Spilanthol
- Names: Preferred IUPAC name (2E,6Z,8E)-N-(2-Methylpropyl)deca-2,6,8-trienamide

Identifiers
- CAS Number: 25394-57-4;
- 3D model (JSmol): Interactive image;
- ChemSpider: 4509783;
- PubChem CID: 5353001;
- UNII: 4W9L3S4856;
- CompTox Dashboard (EPA): DTXSID90893963 ;

Properties
- Chemical formula: C_{14}H_{23}NO
- Molar mass: 221.344 g·mol^{−1}

= Spilanthol =

Spilanthol (affinin) is a fatty acid amide isolated from Acmella oleracea. It is believed to be responsible for the local anesthetic properties of the plant.
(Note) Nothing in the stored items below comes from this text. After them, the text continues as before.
Lemma rule_copies c p : rule inst c (tau Sigma) p ->
  disposable c || same_root r c -> admissible p && (copies p <= same_root r c).
Proof.
move=> hr /orP [hc | hrc].
  have hp := rule_disposable hr hc.
  have -> : copies p = 0.
    by apply: count0_all_predC hp _ => x hx; apply/negP => /disposable_same_root; rewrite hx.
  by rewrite andbT; apply: sub_all hp => x /= ->.
rewrite /admissible /copies.
case: (rule_root hr (same_root_root hrc)) => [-> | [g hg ->]] //=.
by rewrite hrc hg disposable_same_root ?orbT.
Qed.

Lemma step_copies p l q : step inst p l q -> l = tau Sigma -> admissible p ->
  admissible q && (copies q <= copies p).
Proof.
rewrite /admissible /copies.
elim=> {p l q} /= [c l p hr hl | p l p' q _ IH hl | p l p' q _ IH hl | p l p' q _ IH hl |
                   p p1 l q1 q hp _ IH hq hl].
- by rewrite hl in hr; rewrite andbT addn0; apply: rule_copies.
- rewrite !all_cat !count_cat => /andP [/(IH hl) /andP [-> h] ->].
  by rewrite leq_add2r.
- rewrite !all_cat !count_cat => /andP [/(IH hl) /andP [-> h] ->].
  by rewrite leq_add2r.
- rewrite !all_cat !count_cat => /andP [-> /(IH hl) /andP [-> h]].
  by rewrite leq_add2l.
- rewrite (cong_all_consts _ hp) -(cong_all_consts _ hq) -(cong_count_consts _ hq).
  by rewrite (cong_count_consts _ hp); apply: IH.
Qed.

Lemma wtau_copies p q : wtau inst p q -> admissible p ->
  admissible q && (copies q <= copies p).
Proof.
elim=> {p q} [p q hpq | p p' q hs _ IH] hp.
  rewrite /admissible /copies -(cong_all_consts _ hpq) -(cong_count_consts _ hpq).
  by rewrite leqnn andbT.
case/andP: (step_copies hs erefl hp) => /IH /andP [-> hq] hp'.
exact: leq_trans hq hp'.
Qed.

End Copies.

End Disposable.

Theorem lemma4 (Sigma : finType) (inst : seq (seq Sigma * seq Sigma)) :
  1 < #|Sigma| ->
  all (fun uv => (size uv.1 > 0) && (size uv.2 > 0)) inst ->
  forall (P Q : proc Sigma),
    (P = Cst (cD Sigma) \/ P = Cst (cC Sigma) \/ P = Cst (cC' Sigma)) ->
    proc_wf inst Q ->
    wtau inst P (Par P Q) ->
    wtau inst (Par P Q) P.
Proof.
move=> _ _ P Q hP _ hPQ.
have [r eP hr] : exists2 r, P = Cst r & same_root r r by case: hP => [|[|]] ->; eexists.
subst P.
have hP_adm : admissible inst r (Cst r) by rewrite /admissible /= hr orbT.
have /andP [] := wtau_copies hPQ hP_adm.
rewrite /admissible /copies /= hr add1n ltnS leqn0 => /andP [_ hQ] /eqP hQ0.
have hQ_eps := all_disposable_wtau_eps (all_predU_count0 hQ hQ0).
exact: wtau_trans (wtau_parr _ hQ_eps) (wt_refl _ (cong_par0r _)).
Qed.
Spilanthol permeates the human skin and the inside lining of the cheeks in the mouth (buccal mucosa), resulting in local as well as systemic pharmacological concentrations. In the skin and in the pancreas, spilanthol has also been shown to exert anti-inflammatory effects. The underlying mechanism involves inhibition of nitric oxide production due to reduced expression of inducible nitric oxide synthase enzyme (iNOS) in macrophages. Transcription factor array experiments revealed that spilanthol inhibits the activation of several transcription factors (NFκB, ATF4, FOXO1, IRF1, ETS1, and AP-1) which may explain the effect of spilanthol on gene expression.

The antihypertensive effect of spilanthol was blocked by CB1 antagonist rimonabant and TRPV1 antagonist capsazepine, suggesting spilanthol mediates some activity by interaction with the cannabinoid receptors and TRPV1 channels.